Drop Off Appointments
For your convenience, ‘drop-off’ appointments are available. A ‘drop off’ means you could bring your pet at the time that works best for you and leave him/her with us for a couple of hours. Usually we will ask you to ‘drop off’ sometime in the morning so our doctors can examine the patient in between appointments or at the time purposely reserved for admitted patients. Once the doctor is done, they will give you a call to go over the diagnosis and to give you discharge instructions.
We require full payment at the time that services are rendered. For your convenience we offer EFTPOS, cash facilites and accept Visa, MasterCard and American Express.
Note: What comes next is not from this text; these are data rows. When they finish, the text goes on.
Lemma short_pendant_eq0 p v : child p v -> short_pendant v -> x p = 0 -> x v = 0.
Proof.
move=> cpv sv xp; have evp : e v p by rewrite e_sym; case/andP: cpv.
case/orP: sv => [lv | /andP [/eqP dv /existsP [l /andP [cvl ll]]]].
  have /eqP := x_eigen v; rewrite (sum_nbr_leaf lv evp) (eqP lv) xp.
  by rewrite mulf_eq0 subr_eq0 eq_sym (negPf mu_neq1) => /eqP.
have elv : e l v by rewrite e_sym; case/andP: cvl.
have pl : p != l.
  by apply: contraTneq cvl => <-; rewrite /child; case/andP: cpv => _ /eqP ->; lia.
have xl_eq := x_eigen l; rewrite (sum_nbr_leaf ll elv) (eqP ll) in xl_eq.
have evl : e v l by case/andP: cvl.
have := x_eigen v; rewrite (sum_nbr_deg2 dv pl evp evl) dv xp add0r.
rewrite -xl_eq => xv_eq.
have : (mu ^+ 2 - 3 * mu + 1) * x l = 0.
  by rewrite -[RHS](subrr (x l)) -{2}xv_eq; ring.
by move/eqP; rewrite mulf_eq0 (negPf mu_nroot) => /eqP ->; rewrite mulr0.
Qed.

Lemma forcing_eq0 v : x v = 0.
Proof.
suff forcing_depth k u : (depth u <= k)%N -> x u = 0 by exact: forcing_depth (leqnn _).
elim: k u {v} => [|k IHk] v.
  by rewrite leqn0 depth_eq0 => /eqP ->; apply: x_forcing; rewrite setU11.
rewrite leq_eqVlt ltnS => /orP [/eqP dv | /IHk //].
have vr : v != r by rewrite neq_r_depth dv.
set p := par v; have cpv : child p v := par_child vr.
have dp : depth p = k by move: dv; rewrite (proj2 (parP vr)) => -[].
have xp : x p = 0 by rewrite IHk // dp.
case sv: (short_pendant v); first exact: short_pendant_eq0 cpv sv xp.
have hv : heavy v by rewrite /heavy vr sv.
have [vc | /(in_forcing_set hv) /x_forcing //] := eqVneq v (heavy_child p).
have epv : e p v by case/andP: cpv.
have := x_eigen p; rewrite xp mulr0 (bigD1 v) //= => /esym.
rewrite big1 ?addr0 // => u /andP [epu uv].
have [-> | upp] := eqVneq u (par p); first by rewrite IHk // -dp depth_par.
have cpu := nbr_child epu upp; have [pu ur] := child_par cpu.
case su: (short_pendant u); first exact: short_pendant_eq0 cpu su xp.
by apply/x_forcing/in_forcing_set; rewrite ?pu -?vc // /heavy ur su.
Qed.

End Forcing.

Lemma card_forcing_set : #|forcing_set| <= 1 + #|lowest_heavy|.
Proof.
rewrite cardsU1 leq_add ?leq_b1 //.
have chosen_heavy : heavy_child @: heavy_parent \subset heavy_set.
  by apply/subsetP => _ /imsetP [w /heavy_childP /andP [_ hw] ->]; rewrite inE.
rewrite cardsDS // card_in_imset => [|w1 w2 /par_heavy_child + /par_heavy_child + h12].
  rewrite leq_subLR -(cardsID heavy_parent heavy_set) leq_add2r.
  by rewrite subset_leq_card ?subsetIr.
by rewrite h12 => -> ->.
Qed.

Definition owner w :=
  if w \in lowest_heavy then w
  else if par w \in lowest_heavy then par w else par (par w).

Lemma child_lowest_heavy c b : c \in lowest_heavy -> child c b ->
  [/\ b \notin lowest_heavy, short_pendant b & owner b = c].
Proof.
move=> cl cb; have [pb br] := child_par cb.
have sb : short_pendant b.
  case/setDP: cl => _; apply: contraNT => nsb.
  by rewrite inE; apply/existsP; exists b; rewrite cb /heavy br.
have bl : b \notin lowest_heavy by rewrite !inE /heavy sb !andbF.
by rewrite /owner (negPf bl) pb cl.
Qed.

Lemma card_owner_fiber c : c \in lowest_heavy -> 2 < #|[set w | owner w == c]|.
Proof.
move=> cl; have /setDP [] := cl; rewrite inE => /andP [cr c_long] _.
have oc : owner c = c by rewrite /owner cl.
have deg_c : 1 < deg c.
  have : 0 < deg c.
    by rewrite card_gt0; apply/set0Pn; exists (par c); rewrite inE e_sym (parP cr).1.
  by move: c_long; rewrite /short_pendant /leaf negb_or => /andP [+ _]; lia.
have [b ecb] : exists2 b, e c b & b \notin [set par c].
  by apply: nbr_notin; rewrite cards1.
rewrite inE => bpc; have cb := nbr_child ecb bpc.
have [bl sb ob] := child_lowest_heavy cl cb.
apply/card_gt2P; case/orP: sb => [lb | /andP [_ /existsP [l /andP [cbl ll]]]].
  have deg_c3 : 2 < deg c.
    move: c_long; rewrite /short_pendant negb_or negb_and => /andP [_ /orP [|]].
      by move: deg_c; lia.
    by rewrite negb_exists => /forallP /(_ b); rewrite cb lb.
  have [b' ecb'] : exists2 b', e c b' & b' \notin [set par c; b].
    by apply: nbr_notin; apply: leq_ltn_trans deg_c3; rewrite cards2; case: (_ != _).
  rewrite !inE negb_or => /andP [b'pc b'b]; have cb' := nbr_child ecb' b'pc.
  have [_ _ ob'] := child_lowest_heavy cl cb'.
  exists c, b, b'; rewrite !inE oc ob ob' eqxx child_neq // eq_sym b'b.
  by rewrite eq_sym child_neq.
have [pl _] := child_par cbl.
have nl : l \notin lowest_heavy by rewrite !inE /heavy /short_pendant ll !andbF.
have ol : owner l = c by rewrite /owner (negPf nl) pl (negPf bl) (child_par cb).1.
exists c, b, l; rewrite !inE oc ob ol eqxx (child_neq cb) (child_neq cbl).
split => //; split => //; apply: contraTneq cbl => ->.
by rewrite /child; case/andP: cb => _ /eqP ->; lia.
Qed.

Lemma owner_r : owner r \notin lowest_heavy.
Proof.
have rl : r \notin lowest_heavy by rewrite !inE /heavy eqxx !andbF.
by rewrite /owner !par_r (negPf rl).
Qed.

Lemma card_lowest_heavy : 3 * #|lowest_heavy| <= n.-1.
Proof.
apply: leq_trans (leq_mul_card_preimset card_owner_fiber) _.
rewrite -[n in n.-1]card_ord -(cardsC1 r) subset_leq_card //.
apply/subsetP => w; rewrite inE => owl; rewrite !inE.
by apply: contraTneq owl => ->; exact: owner_r.
Qed.

End RootedTree.

Local Open Scope ring_scope.

Lemma tree_eigenspace_rank (R : fieldType) n (e : rel 'I_n) (mu : R) :
  is_tree e -> (0 < n)%N -> mu != 1 -> mu ^+ 2 - 3 * mu + 1 != 0 ->
  (3 * \rank (eigenspace (laplacian R e) mu) <= n + 2)%N.
Proof.
move=> [[e_sym e_irr] e_conn e_acyc] n_gt0 mu_neq1 mu_nroot; pose r := Ordinal n_gt0.
have rk : (\rank (eigenspace (laplacian R e) mu) <= #|forcing_set r e_conn|)%N.
  apply: mxrank_leq_card_determining => u /eigenspaceP uL u_forcing.
  apply/rowP => v; rewrite mxE.
  exact: (forcing_eq0 e_sym e_irr e_acyc mu_neq1 mu_nroot
    (laplacian_eigen_eq e_sym e_irr uL) u_forcing).
have := card_forcing_set r e_sym e_conn e_acyc.
have := card_lowest_heavy r e_sym e_irr e_conn e_acyc.
lia.
Qed.

Theorem lemma4p3 (R : rcfType) (j n : nat) (e : rel 'I_n) (mu : R) :
  (2 <= j)%N -> (10 * j < n)%N -> is_tree e ->
  eigenvalue (laplacian R e) mu -> mu != 1 ->
  lap_mult e mu = (n./2 - j)%N ->
  mu = (3 + Num.sqrt 5) / 2 \/ mu = (3 - Num.sqrt 5) / 2.
Proof.
(* The eigenvalue hypothesis is implied by the positive multiplicity. *)
move=> j_ge2 n_gt tree _ mu_neq1 mult.
have [/quadratic_3_1_roots // | mu_nroot] := eqVneq (mu ^+ 2 - 3 * mu + 1) 0.
have [[e_sym _] _ _] := tree; have n_gt0 : (0 < n)%N by lia.
have := tree_eigenspace_rank tree n_gt0 mu_neq1 mu_nroot.
by rewrite -mup_char_poly_sym ?laplacian_tr // -/(lap_mult e mu) mult; lia.
Qed.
There are many different vaccination schedules for puppies and every clinic adopts their own program based on scientific research, response to vaccination and local disease threats. Here at Hope Island Veterinary Surgery we offer an injectable vaccination called DHP (C3) that covers for Distemper, Parvovirus and Canine Hepatitis and an intranasal vaccination called KC that covers for two pathogens that cause Kennel Cough (Canine Parainfluenza and Bordetella bronchiseptica). The intranasal vaccination provides stronger quicker immunity from Kennel Cough with less vaccination reactions when compared with the injectable Kennel Cough vaccination.
Illnesses that vaccination can prevent or lessen:
Canine Distemper is a fast acting, highly contagious virus that affects dogs, foxes, dingoes and ferrets. A few days after exposure to the virus your pet would develop a fever, become lethargic, and refuse food and water. Further signs involve the internal organs and brain; coughing, nasal discharge, vomiting and diarrhoea, paralysis and seizures are seen. As the clinical signs are caused by a virus there is no direct treatment for Canine Distemper.
Canine Hepatitis is caused by a virus. This virus is spread in the urine, blood, saliva, nasal discharge and faeces of infected dogs. Dogs contract the virus through their nose or mouth and it spreads to the tonsils and infects the liver and kidneys. If affected, your pet would display fever, lethargy, loss of appetite, a sore abdomen, inflamed eyes and signs of liver disease such as jaundice, vomiting, bleeding disorders and seizures. As the clinical signs are caused by a virus there is no direct treatment for Canine Hepatitis.
Canine Parvovirus is known for causing life threatening diarrhoea. It produces these signs by attacking the intestinal lining, leading to sloughing of the intestines and leaking of protein and fluid into the gut. It can also affect the development of puppies in the uterus and in very young puppies affect the heart. Dogs contract this virus through direct or indirect contact of infected faeces. It is important to know that parvovirus can remain in the soil for up to 3 years, ready for its next victim. As the clinical signs are caused by a virus there is no direct treatment for Canine Parvovirus.
Canine Parainfluenza (virus) and Bordetella bronchiseptica (bacteria) are two pathogens that can cause Canine Kennel Cough. They are spread via airborne particles or contact with contaminated surfaces, very similar to how the human cold and flu are caught. If your pet contracts kennel cough clinical signs can include a harsh, dry cough, retching, sneezing, gagging or vomiting, particularly after pressing on the windpipe or excitement. The symptoms can last for 10 to 20 days and in some patients pneumonia can result. Similar to the flu vaccination in humans, the primary aim of the kennel cough vaccination is to reduce severity and duration of disease.